Com os olhos marejados ela colocou o bolo na minha frente e mais um copo de café e disse
"Gostei de você menina. Esse é por minha conta”.
Darcy foi em direção a um pequeno palco que tinha ali ao lado, com os olhos ainda marejados e com uma voz incrível começou a cantar “I say a little prayer” de Aretha Franklin. Fiquei admirada com tanta sabedoria e talento daquela mulher.
Desde aquele domingo, nunca mais deixei de visitar Darcy, que virou uma amiga como poucas na minha vida. Só não posso contar tanto com ela, como com Dário e Hugo, porque sempre está muito ocupada, a cafeteria toma muito tempo e normalmente está cheia de amigos pedindo conselhos. Nunca conseguimos termos longas conversas, sempre são curtas e muito filosóficas da parte dela, acho até que faz isso para resumir ainda mais nossos diálogos e conseguir simplificar tudo em apenas uma frase, que por sinal, eu sempre preciso de explicações. A troca de experiências com Darcy me transformou muito e me ajudou, até certo ponto da minha vida a não ter rompido muito antes meu casamento, por isso não abro mão de estar lá em todo happy hour!

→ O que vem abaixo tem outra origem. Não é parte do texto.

(* Let $\bm A=(A_1,\dots,A_d)$ be Hermitian matrices in $M_n(\mathbb{C})$, $B\in M_n(\mathbb{C})$, and $(\bm\lambda,\nu)\in\mathbb{R}^d\times\mathbb{C}$. Then $$\left|\dot\mu^{C}_{(\bm\lambda,\nu)}(\bm A,B)-\mu^{Q}_{(\bm\lambda,\nu)}(\bm A,B)\right|\le\sqrt{\sum_{i<j}\|[A_i,A_j]\|+\|F_{(\bm\lambda,\nu)}(\bm A,B)\|}.$$
   Context: Let $n,d,m$ be positive integers. Fix Hermitian matrices $\Gamma_1,\dots,\Gamma_d\in M_{2m}(\mathbb{C})$ with $\Gamma_i^2=I_{2m}$ and $\Gamma_i\Gamma_j=-\Gamma_j\Gamma_i$ for $i\neq j$ (a Clifford representation; the paper uses a specific one built from Pauli matrices). Write $P=\begin{bmatrix} I_m&0\\0&0_m\end{bmatrix}$ and $Q=\begin{bmatrix}0_m&0\\0&I_m\end{bmatrix}$ in $M_{2m}(\mathbb{C})$. For a $d$-tuple $\bm A=(A_1,\dots,A_d)$ of Hermitian matrices in $M_n(\mathbb{C})$, a matrix $B\in M_n(\mathbb{C})$ (not necessarily Hermitian or normal), and a probe site $(\bm\lambda,\nu)\in\mathbb{R}^d\times\mathbb{C}$, the non-Hermitian spectral localizer is $$L_{(\bm\lambda,\nu)}(\bm A,B)=\sum_{i=1}^d (A_i-\lambda_i I)\otimes\Gamma_i+(B-\nu I)\otimes P-(B-\nu I)^\dagger\otimes Q\in M_{2mn}(\mathbb{C}).$$ The Clifford radial gap is $\dot\mu^{C}_{(\bm\lambda,\nu)}(\bm A,B)=\sigma_{\min}\big(L_{(\bm\lambda,\nu)}(\bm A,B)\big)$. Define $$F_{(\bm\lambda,\nu)}(\bm A,B)=\sum_{i=1}^d\big(G_i+G_i^\dagger\big)-\sum_{i=1}^d\big(H_i+H_i^\dagger\big),\quad G_i=(A_i-\lambda_i I)(B-\nu I)\otimes\Gamma_iP,\quad H_i=(A_i-\lambda_i I)(B-\nu I)^\dagger\otimes\Gamma_iQ.$$ The quadratic gap (with one non-Hermitian matrix) is $\mu^{Q}_{(\bm\lambda,\nu)}(\bm A,B)=\sqrt{\lambda_{\min}(Q_{(\bm\lambda,\nu)}(\bm A,B))}$, where $Q_{(\bm\lambda,\nu)}(\bm A,B)=RQ\otimes\begin{bmatrix}1&0\\0&0\end{bmatrix}+LQ\otimes\begin{bmatrix}0&0\\0&1\end{bmatrix}$ with $RQ=\sum_{i=1}^d(A_i-\lambda_iI)^2+(B-\nu I)^\dagger(B-\nu I)$ and $LQ=\sum_{i=1}^d(A_i-\lambda_iI)^2+(B-\nu I)(B-\nu I)^\dagger$. Matrix norms are operator norms. *)

From HB Require Import structures.
From mathcomp Require Import all_boot all_order all_algebra.
From mathcomp Require Import classical_sets reals.
From mathcomp Require Import complex mxtens.
Set Implicit Arguments. Unset Strict Implicit. Unset Printing Implicit Defensive.
Import Order.TTheory GRing.Theory Num.Theory.
Local Open Scope ring_scope.
Local Open Scope classical_set_scope.

Section Defs.
Variable R : realType.
Local Notation C := R[i].

Definition mxadj {k l : nat} (M : 'M[C]_(k, l)) : 'M[C]_(l, k) :=
  (map_mx (@conjc R) M)^T.

Definition is_hermitian {k : nat} (M : 'M[C]_k) : Prop := mxadj M = M.

Definition vnorm {k : nat} (x : 'cV[C]_k) : R :=
  Num.sqrt (\sum_(i < k) (Normc.normc (x i 0)) ^+ 2).

Definition opnorm {k l : nat} (M : 'M[C]_(k, l)) : R :=
  sup [set vnorm (M *m x) | x in [set x : 'cV[C]_l | vnorm x = 1]].

Definition lambda_min {k : nat} (M : 'M[C]_k) : R :=
  inf [set r : R | eigenvalue M (r%:C)%C].

Definition sigma_min {k : nat} (M : 'M[C]_k) : R :=
  Num.sqrt (lambda_min (mxadj M *m M)).

Definition projP (m : nat) : 'M[C]_(m + m) := block_mx 1%:M 0 0 0.
Definition projQ (m : nat) : 'M[C]_(m + m) := block_mx 0 0 0 1%:M.

Definition is_clifford (d m : nat) (Gamma : 'I_d -> 'M[C]_(m + m)) : Prop :=
  (forall i, is_hermitian (Gamma i)) /\
  (forall i, Gamma i *m Gamma i = 1%:M) /\
  (forall i j, i != j -> Gamma i *m Gamma j = - (Gamma j *m Gamma i)).

Definition shiftA {n d : nat} (A : 'I_d -> 'M[C]_n) (lam : 'I_d -> R)
  (i : 'I_d) : 'M[C]_n := A i - ((lam i)%:C)%C%:M.

Definition shiftB {n : nat} (B : 'M[C]_n) (nu : C) : 'M[C]_n := B - nu%:M.

Definition localizer {n d m : nat} (Gamma : 'I_d -> 'M[C]_(m + m))
  (A : 'I_d -> 'M[C]_n) (B : 'M[C]_n) (lam : 'I_d -> R) (nu : C)
  : 'M[C]_(n * (m + m)) :=
  \sum_(i < d) (shiftA A lam i *t Gamma i)
  + (shiftB B nu *t projP m) - (mxadj (shiftB B nu) *t projQ m).

Definition clifford_gap {n d m : nat} (Gamma : 'I_d -> 'M[C]_(m + m))
  (A : 'I_d -> 'M[C]_n) (B : 'M[C]_n) (lam : 'I_d -> R) (nu : C) : R :=
  sigma_min (localizer Gamma A B lam nu).

Definition Fmat {n d m : nat} (Gamma : 'I_d -> 'M[C]_(m + m))
  (A : 'I_d -> 'M[C]_n) (B : 'M[C]_n) (lam : 'I_d -> R) (nu : C)
  : 'M[C]_(n * (m + m)) :=
  let G i := (shiftA A lam i *m shiftB B nu) *t (Gamma i *m projP m) in
  let H i := (shiftA A lam i *m mxadj (shiftB B nu)) *t (Gamma i *m projQ m) in
  \sum_(i < d) (G i + mxadj (G i)) - \sum_(i < d) (H i + mxadj (H i)).

Definition RQ {n d : nat} (A : 'I_d -> 'M[C]_n) (B : 'M[C]_n)
  (lam : 'I_d -> R) (nu : C) : 'M[C]_n :=
  \sum_(i < d) (shiftA A lam i *m shiftA A lam i)
  + mxadj (shiftB B nu) *m shiftB B nu.

Definition LQ {n d : nat} (A : 'I_d -> 'M[C]_n) (B : 'M[C]_n)
  (lam : 'I_d -> R) (nu : C) : 'M[C]_n :=
  \sum_(i < d) (shiftA A lam i *m shiftA A lam i)
  + shiftB B nu *m mxadj (shiftB B nu).

Definition Qmat {n d : nat} (A : 'I_d -> 'M[C]_n) (B : 'M[C]_n)
  (lam : 'I_d -> R) (nu : C) : 'M[C]_(n * 2) :=
  RQ A B lam nu *t (delta_mx 0 0 : 'M[C]_2)
  + LQ A B lam nu *t (delta_mx 1 1 : 'M[C]_2).

Definition quadratic_gap {n d : nat} (A : 'I_d -> 'M[C]_n) (B : 'M[C]_n)
  (lam : 'I_d -> R) (nu : C) : R :=
  Num.sqrt (lambda_min (Qmat A B lam nu)).

End Defs.

(* Write a_i = A_i - lam_i, b = B - nu, S = sum_i a_i (x) Gamma_i and T = b (x) P - b^* (x) Q,
   so that the localizer is L = S + T.  The Clifford relations give
     L^* L = (RQ (x) P + LQ (x) Q) + sum_(k<l) [A_k, A_l] (x) Gamma_k Gamma_l + F,
   with F = S T + (S T)^*.  The first summand is block diagonal with the same least eigenvalue
   as the quadratic-gap matrix; on unit vectors the quadratic forms of the other two are bounded
   by sum_(k<l) ||[A_k, A_l]|| + ||F||, each Gamma_k Gamma_l being unitary.  Since
   lambda_min is the minimum of the Rayleigh quotient, lambda_min (L^* L) = sigma_min(L)^2 and
   lambda_min of the quadratic-gap matrix differ by at most that bound, and
   |sqrt a - sqrt b| <= sqrt |a - b| concludes. *)

From mathcomp Require Import all_boot all_order all_algebra.
From mathcomp Require Import classical_sets reals.
From mathcomp Require Import complex mxtens.
From mathcomp Require Import spectral sesquilinear.
From mathcomp Require Import ring lra.
Import Order.TTheory GRing.Theory Num.Theory.
Local Open Scope ring_scope.
Set Implicit Arguments. Unset Strict Implicit. Unset Printing Implicit Defensive.

Lemma sumr_diag_pairs (V : zmodType) d (f : 'I_d -> 'I_d -> V) :
  \sum_i \sum_j f i j =
  \sum_i f i i + \sum_(k < d) \sum_(l < d | (k < l)%N) (f k l + f l k).
Proof.
have split_row (i : 'I_d) : \sum_j f i j =
    f i i + \sum_(j < d | (i < j)%N) f i j + \sum_(j < d | (j < i)%N) f i j.
  rewrite [LHS](bigID (fun j : 'I_d => (i < j)%N)) /= addrC (bigD1 i) /=; last by rewrite ltnn.
  rewrite -addrA [X in _ + X = _]addrC addrA; congr (_ + _ + _).
  by apply: eq_bigl => j; rewrite -leqNgt ltn_neqAle andbC.
rewrite (eq_bigr _ (fun i _ => split_row i)) !big_split /= -addrA; congr (_ + _).
rewrite [X in _ + X](exchange_big_dep xpredT) //= -big_split /=.
by apply: eq_bigr => k _; rewrite big_split.
Qed.

Lemma sum_mxtens (V : nmodType) k p (F : 'I_(k * p) -> V) :
  \sum_i F i = \sum_(a < k) \sum_(b < p) F (mxtens_index (a, b)).
Proof.
rewrite pair_big /= (reindex (@mxtens_index k p)) /=; last first.
  by exists (@mxtens_unindex k p) => x _; rewrite ?mxtens_indexK ?mxtens_unindexK.
by apply: eq_bigr => -[a b] _.
Qed.

Section CommutatorShift.
Variables (R : comPzRingType) (n : nat).

Lemma commutator_shiftl (X Y : 'M[R]_n) c :
  (X - c%:M) *m Y - Y *m (X - c%:M) = X *m Y - Y *m X.
Proof. by rewrite mulmxBl mulmxBr scalar_mxC opprB addrA subrK. Qed.

Lemma commutator_shiftr (X Y : 'M[R]_n) c :
  X *m (Y - c%:M) - (Y - c%:M) *m X = X *m Y - Y *m X.
Proof. by rewrite mulmxBl mulmxBr scalar_mxC opprB addrA subrK. Qed.

End CommutatorShift.

Lemma ler_norm_sqrtrB (R : rcfType) (a b s : R) :
  `|a - b| <= s -> `|Num.sqrt a - Num.sqrt b| <= Num.sqrt s.
Proof.
move=> ab_le; have s_ge0 : 0 <= s := le_trans (normr_ge0 _) ab_le.
rewrite -sqrtr_sqr ler_sqrt //; move: ab_le; rewrite ler_norml => /andP[? ?].
have := sqrtr_ge0 a; have := sqrtr_ge0 b.
have [a_ge0|a_lt0] := lerP 0 a; have [b_ge0|b_lt0] := lerP 0 b.
- (* (sqrt a - sqrt b)^2 <= |sqrt a - sqrt b| (sqrt a + sqrt b) = |a - b| *)
  have := sqr_sqrtr a_ge0; have := sqr_sqrtr b_ge0.
  by have [|] := lerP (Num.sqrt a) (Num.sqrt b); nra.
- by rewrite (ler0_sqrtr (ltW b_lt0)); have := sqr_sqrtr a_ge0; nra.
- by rewrite (ler0_sqrtr (ltW a_lt0)); have := sqr_sqrtr b_ge0; nra.
- by rewrite (ler0_sqrtr (ltW a_lt0)) (ler0_sqrtr (ltW b_lt0)); nra.
Qed.

Section ComplexMatrices.
Variable R : realType.
Local Notation C := R[i].

Lemma mxadjE k l (M : 'M[C]_(k, l)) i j : mxadj M i j = conjc (M j i).
Proof. by rewrite !mxE. Qed.

Lemma mxadjE_conj k l (M : 'M[C]_(k, l)) : mxadj M = map_mx Num.conj M^T.
Proof. by rewrite /mxadj map_trmx. Qed.

Lemma mxadjK k l (M : 'M[C]_(k, l)) : mxadj (mxadj M) = M.
Proof. by apply/matrixP=> i j; rewrite !mxadjE conjcK. Qed.

Lemma mxadjD k l (M N : 'M[C]_(k, l)) : mxadj (M + N) = mxadj M + mxadj N.
Proof. by apply/matrixP=> i j; rewrite !mxE rmorphD. Qed.

Lemma mxadj0 k l : mxadj (0 : 'M[C]_(k, l)) = 0.
Proof. by apply/matrixP=> i j; rewrite !mxE conjc0. Qed.

Lemma mxadjN k l (M : 'M[C]_(k, l)) : mxadj (- M) = - mxadj M.
Proof. by apply/matrixP=> i j; rewrite !mxE rmorphN. Qed.

Lemma mxadjB k l (M N : 'M[C]_(k, l)) : mxadj (M - N) = mxadj M - mxadj N.
Proof. by rewrite mxadjD mxadjN. Qed.

Lemma mxadj_sum k l (I : finType) (P : pred I) (F : I -> 'M[C]_(k, l)) :
  mxadj (\sum_(i | P i) F i) = \sum_(i | P i) mxadj (F i).
Proof. exact: (big_morph _ (@mxadjD k l) (@mxadj0 k l)). Qed.

Lemma mxadjZ k l (a : C) (M : 'M[C]_(k, l)) : mxadj (a *: M) = conjc a *: mxadj M.
Proof. by apply/matrixP=> i j; rewrite !mxE rmorphM. Qed.

Lemma mxadjM k l p (M : 'M[C]_(k, l)) (N : 'M[C]_(l, p)) :
  mxadj (M *m N) = mxadj N *m mxadj M.
Proof.
apply/matrixP=> i j; rewrite !mxE rmorph_sum; apply: eq_bigr=> r _.
by rewrite !mxadjE rmorphM mulrC.
Qed.

Lemma mxadj_scalar k (c : C) : mxadj (c%:M : 'M[C]_k) = (conjc c)%:M.
Proof. by apply/matrixP=> i j; rewrite !mxE rmorphMn eq_sym. Qed.

Lemma mxadj1 k : mxadj (1%:M : 'M[C]_k) = 1%:M.
Proof. by rewrite mxadj_scalar conjc1. Qed.

Lemma mxadj_delta p (j : 'I_p) : mxadj (delta_mx j j : 'M[C]_p) = delta_mx j j.
Proof. by apply/matrixP=> k l; rewrite !mxE conjc_nat andbC. Qed.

Depois que saí, no meu primeiro dia do Café Terapia, voltei para casa ansiosa e com medo de como reagir ao encontrar com Thomaz na apresentação do trabalho. Tinha conversado isso com Darcy e ela tinha me dito para agir naturalmente, como se nada tivesse acontecido, porque quem namorava era ele e não fui eu que roubei aquele beijo. Fui pensando nisso até a hora que cheguei em casa e me convenci que era o melhor a fazer. 

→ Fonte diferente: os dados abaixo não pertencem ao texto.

(* Let $c\ge1$ and $\gamma\in(0,1/2]$. There is a constant $C=C(c,\gamma)$ such that the following holds. Let $\theta_1\ge\dots\ge\theta_n$ be $c$-spread, let $K=\gamma n$ be an integer with $K\ge1$, and let $\epsilon$ satisfy $\frac{4c}{\gamma n^2}\le\epsilon\le1$. Then $H^{(t,\epsilon)}\le C\,\frac{n}{\sqrt\epsilon}$ where $t=t(\epsilon,K)$. Moreover, for every $c$-spread instance with $n\ge2$, every $1\le K\le n-1$ and every $\epsilon$ with $\frac cn\le\epsilon\le1$, we have $H^{(0,\epsilon)}=\sum_{i=1}^n\min\{\Delta_i^{-2},\epsilon^{-2}\}\ge\frac{n}{4c\epsilon}$.
   Context: Means $\theta_1\ge\dots\ge\theta_n$ in $[0,1]$ are called $c$-spread (for $c\ge1$) if $|\theta_i-\theta_j|\in\left[\frac{|i-j|}{cn},\frac{c|i-j|}{n}\right]$ for all $i,j\in[n]$. Gaps: $\Delta_i=\theta_i-\theta_{K+1}$ for $i\le K$, $\Delta_i=\theta_K-\theta_i$ for $i\ge K+1$. $t(\epsilon,K)$ is the largest $t\in\{0,\dots,K-1\}$ with $\Delta_{K-t}\cdot t\le K\epsilon$ and $\Delta_{K+t+1}\cdot t\le K\epsilon$. $\Psi_t=\min(\Delta_{K-t},\Delta_{K+t+1})$, $\Psi_t^{\epsilon}=\max(\epsilon,\Psi_t)$, and $H^{(t,\epsilon)}=\sum_{i=1}^n\min\{\Delta_i^{-2},(\Psi_t^\epsilon)^{-2}\}$. *)

(* classical reals. Means are indexed 1..n via theta : nat -> R. *)
From Stdlib Require Import Reals Lra Lia.
Open Scope R_scope.
Local Open Scope bool_scope.

Definition spread (c : R) (n : nat) (theta : nat -> R) : Prop :=
  (forall i j, (1 <= i)%nat -> (i <= j)%nat -> (j <= n)%nat -> theta j <= theta i) /\
  (forall i, (1 <= i)%nat -> (i <= n)%nat -> 0 <= theta i <= 1) /\
  (forall i j, (1 <= i)%nat -> (i <= n)%nat -> (1 <= j)%nat -> (j <= n)%nat ->
     INR (Nat.max i j - Nat.min i j) / (c * INR n) <= Rabs (theta i - theta j) /\
     Rabs (theta i - theta j) <= c * INR (Nat.max i j - Nat.min i j) / INR n).

Definition Gap (theta : nat -> R) (K i : nat) : R :=
  if Nat.leb i K then theta i - theta (S K) else theta K - theta i.

Fixpoint sumR (f : nat -> R) (n : nat) : R :=
  match n with O => 0 | S m => sumR f m + f (S m) end.

(* largest m' < m with P m', or 0 if none *)
Fixpoint tsearch (P : nat -> bool) (m : nat) : nat :=
  match m with O => O | S m' => if P m' then m' else tsearch P m' end.

Definition Rleb (x y : R) : bool := if Rle_dec x y then true else false.

Definition t_of (theta : nat -> R) (eps : R) (K : nat) : nat :=
  tsearch (fun t => Rleb (Gap theta K (K - t) * INR t) (INR K * eps) &&
                    Rleb (Gap theta K (K + t + 1) * INR t) (INR K * eps)) K.

Definition Psi (theta : nat -> R) (K t : nat) : R :=
  Rmin (Gap theta K (K - t)) (Gap theta K (K + t + 1)).

Definition Psi_eps (theta : nat -> R) (K t : nat) (eps : R) : R :=
  Rmax eps (Psi theta K t).

Definition H (theta : nat -> R) (n K t : nat) (eps : R) : R :=
  sumR (fun i => Rmin (/ (Gap theta K i ^ 2)) (/ (Psi_eps theta K t eps ^ 2))) n.

(* Every gap at distance d from the boundary between K and K+1 lies between d/(cn) and
   cd/n.  Upper bound: the maximality of t = t(eps,K) forces a gap at distance t+2 to
   exceed K eps/(t+1), whence K^2 eps <= 4c(t+1)^2; since Psi_t >= (t+1)/(cn), each side
   of the sum is at most sum_d min((cn/d)^2, (cn/(t+1))^2) <= 2(cn)^2/(t+1), which is
   O(n/sqrt eps).  Lower bound: Psi_0 <= c/n <= eps, and the about eps n/c indices at
   distance at most eps n/c from the boundary each contribute eps^-2. *)
From Stdlib Require Import Reals Lra Lia Bool.
Open Scope R_scope.

Lemma sumR_ext f g n : (forall i, (1 <= i <= n)%nat -> f i = g i) -> sumR f n = sumR g n.
Proof.
  induction n as [|n IH]; intros Hfg; simpl; [reflexivity|].
  rewrite IH by (intros; apply Hfg; lia). rewrite Hfg by lia. reflexivity.
Qed.

Lemma sumR_le f g n : (forall i, (1 <= i <= n)%nat -> f i <= g i) -> sumR f n <= sumR g n.
Proof.
  induction n as [|n IH]; intros Hfg; simpl; [lra|].
  assert (sumR f n <= sumR g n) by (apply IH; intros; apply Hfg; lia).
  assert (f (S n) <= g (S n)) by (apply Hfg; lia). lra.
Qed.

Lemma sumR_le_const f M n : (forall i, (1 <= i <= n)%nat -> f i <= M) -> sumR f n <= INR n * M.
Proof.
  induction n as [|n IH]; intros Hf; simpl sumR; [simpl; lra|].
  rewrite S_INR. assert (sumR f n <= INR n * M) by (apply IH; intros; apply Hf; lia).
  assert (f (S n) <= M) by (apply Hf; lia). lra.
Qed.

Lemma sumR_succ_l f m : sumR f (S m) = f 1%nat + sumR (fun d => f (S d)) m.
Proof. induction m as [|m IH]; [simpl; lra|]. change (sumR f (S (S m))) with (sumR f (S m) + f (S (S m))). rewrite IH. simpl. lra. Qed.

Lemma sumR_rev m : forall f, sumR (fun d => f (m + 1 - d)%nat) m = sumR f m.
Proof.
  induction m as [|m IH]; intros f; [reflexivity|].
  change (sumR (fun d => f (S m + 1 - d)%nat) (S m)) with
    (sumR (fun d => f (S m + 1 - d)%nat) m + f (S m + 1 - S m)%nat).
  rewrite sumR_succ_l, <- (IH (fun d => f (S d))).
  replace (S m + 1 - S m)%nat with 1%nat by lia.
  rewrite (sumR_ext _ (fun d => f (S (m + 1 - d)))) by (intros; f_equal; lia). lra.
Qed.

Lemma sumR_add f K j : sumR f (K + j) = sumR f K + sumR (fun d => f (K + d)%nat) j.
Proof.
  induction j as [|j IH]; [rewrite Nat.add_0_r; simpl; lra|].
  rewrite Nat.add_succ_r. simpl. rewrite IH, Nat.add_succ_r. lra.
Qed.

(* Re-index the sum by the distance d to the boundary between K and K+1. *)
Lemma sumR_around f K n : (K <= n)%nat ->
  sumR f n = sumR (fun d => f (K + 1 - d)%nat) K + sumR (fun d => f (K + d)%nat) (n - K).
Proof. intros. rewrite sumR_rev, <- sumR_add. f_equal. lia. Qed.

Lemma tsearch_lt P m : (0 < m)%nat -> (tsearch P m < m)%nat.
Proof.
  induction m as [|m IH]; intros Hm; [lia|]. simpl. destruct (P m); [lia|].
  destruct m; [simpl; lia|]. specialize (IH ltac:(lia)). lia.
Qed.

Lemma tsearch_max P m j : (tsearch P m < j < m)%nat -> P j = false.
Proof.
  induction m as [|m IH]; intros Hj; [lia|]. simpl in Hj. destruct (P m) eqn:E; [lia|].
  destruct (Nat.eq_dec j m); [subst; auto | apply IH; lia].
Qed.

Lemma Rleb_false_lt x y : Rleb x y = false -> y < x.
Proof. unfold Rleb. destruct (Rle_dec x y); [discriminate | intros; lra]. Qed.

Lemma Rmin_le_compat a b a' b' : a <= a' -> b <= b' -> Rmin a b <= Rmin a' b'.
Proof. intros. eapply Rle_trans; [apply Rle_min_compat_r | apply Rle_min_compat_l]; eauto. Qed.

Lemma inv_sq_le p g : 0 < p -> p <= g -> / g ^ 2 <= / p ^ 2.
Proof. intros. apply Rinv_le_contravar; [apply pow_lt; lra | apply pow_incr; lra]. Qed.

Section SpreadGaps.

Variables (c : R) (n K : nat) (theta : nat -> R).
Hypothesis Hspread : spread c n theta.

Lemma spread_Gap_left d : (1 <= d <= K)%nat -> (K + 1 <= n)%nat ->
  INR d / (c * INR n) <= Gap theta K (K + 1 - d) <= c * INR d / INR n.
Proof.
  destruct Hspread as [Hmono [_ Hdist]]. intros Hd HK.
  unfold Gap. replace (Nat.leb (K + 1 - d) K) with true by (symmetry; apply Nat.leb_le; lia).
  destruct (Hdist (K + 1 - d)%nat (K + 1)%nat ltac:(lia) ltac:(lia) ltac:(lia) ltac:(lia)) as [h1 h2].
  replace (Nat.max (K + 1 - d) (K + 1) - Nat.min (K + 1 - d) (K + 1))%nat with d in h1, h2 by lia.
  assert (theta (K + 1)%nat <= theta (K + 1 - d)%nat) by (apply Hmono; lia).
  rewrite Rabs_pos_eq in h1, h2 by lra.
  replace (S K) with (K + 1)%nat by lia. lra.
Qed.

Lemma spread_Gap_right d : (1 <= d)%nat -> (1 <= K)%nat -> (K + d <= n)%nat ->
  INR d / (c * INR n) <= Gap theta K (K + d) <= c * INR d / INR n.
Proof.
  destruct Hspread as [Hmono [_ Hdist]]. intros Hd HK Hn.
  unfold Gap. replace (Nat.leb (K + d) K) with false by (symmetry; apply Nat.leb_gt; lia).
  destruct (Hdist K (K + d)%nat ltac:(lia) ltac:(lia) ltac:(lia) ltac:(lia)) as [h1 h2].
  replace (Nat.max K (K + d) - Nat.min K (K + d))%nat with d in h1, h2 by lia.
  assert (theta (K + d)%nat <= theta K) by (apply Hmono; lia).
  rewrite Rabs_pos_eq in h1, h2 by lra. lra.
Qed.

Hypothesis HK : (1 <= K < n)%nat.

Liguei o computador para reler o trabalho e treinar minha apresentação, quando o Skype da minha mãe me chamou. 
“Hellooooooooo little fairy”
Que quer dizer :“Olá minha fadinha”! 
“Oi mãe, como você está? Que saudades!”
“Estou na maior paz e amor filha e você?”

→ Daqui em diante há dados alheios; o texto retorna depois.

(* A numerical semigroup with Frobenius number f contains every n > f, so it
   is determined by its trace on [0, f]; with multiplicity m the trace must
   contain 0 and m, avoid (0, m) and f, and be closed under the sums a + b <= f
   of its elements a, b >= m.  Depth 2 means m <= f < 2m and depth 3 means
   2m <= f < 3m, where f = m and f = 2m are excluded since m and 2m belong to
   the semigroup.
   For m < f < 2m there are no such sums, so the elements of (m, f) are free.
   For f = 2m + j with j < m, the elements of (j, m) are excluded, those of
   (m + j, 2m) are free (they are neither summands nor sums), and the blocks
   [0, j], [m, m + j], [2m, 2m + j] interact exactly like the blocks [0, j],
   [j + 1, 2j + 1], [2j + 2, 3j + 2] of a semigroup with multiplicity j + 1 and
   Frobenius number 3j + 2. *)

Section Decomposition.
Variables (T U : finType) (h : U -> T) (F D : {set T}).
Variables (P : {set T} -> Prop) (Q : {set U} -> Prop).
Hypotheses (h_inj : injective h) (disj_F_h : [disjoint F & codom h]).
Hypotheses (disj_D_F : [disjoint D & F]) (disj_D_h : [disjoint D & codom h]).
Hypothesis PQ : forall A : {set T}, P A <->
  Q (h @^-1: A) /\ (forall i, i \notin F -> i \notin codom h -> (i \in A) = (i \in D)).

Let split_set (A : {set T}) := (h @^-1: A, A :&: F).
Let glue (p : {set U} * {set T}) := h @: p.1 :|: p.2 :|: D.

Let notin_F_h u : (h u \in F) = false.
Proof. exact: disjointFl disj_F_h (codom_f h u). Qed.

Let notin_D_h u : (h u \in D) = false.
Proof. exact: disjointFl disj_D_h (codom_f h u). Qed.

Let imset_codom (B : {set U}) i : i \in h @: B -> i \in codom h.
Proof. by case/imsetP=> u _ ->; apply: codom_f. Qed.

Sempre foi impossível não rir com as frases da minha mãe, parecia mais uma filha adolescente. O pouco tempo que vivi com minha avó Ruth me fez ser uma pessoa mais madura. Na realidade, eu até tinha um pouco de raiva desse jeito da minha mãe, quando era mais nova meus amigos falavam que ela fumava “weed”(maconha), porque cada dia ela ia com um artefato diferente me buscar, era um óculos violeta ou verde, uma flor nos cabelos, muitas pulseiras, até o dia que ela foi descalça. Com o tempo minha avó Ruth foi me explicando que esse era o jeito da minha mãe e como ela ficaria magoada se soubesse que me envergonhava. Também me falava coisas do tipo: “Sua mãe ficava horas cantando para você : 'Eu te amo minha pequena fadinha, vou sempre pedir para os anjos do céu e todo poder da natureza te proteger'“. Pronto! Era o que bastava para criar um peso na minha consciência, que na realidade, dura até hoje! E por incrível que pareça minha mãe não fuma nada, só bebe para acompanhar meu pai, ela tem horror a fumaça, porque associa à queimadas nas florestas e campos.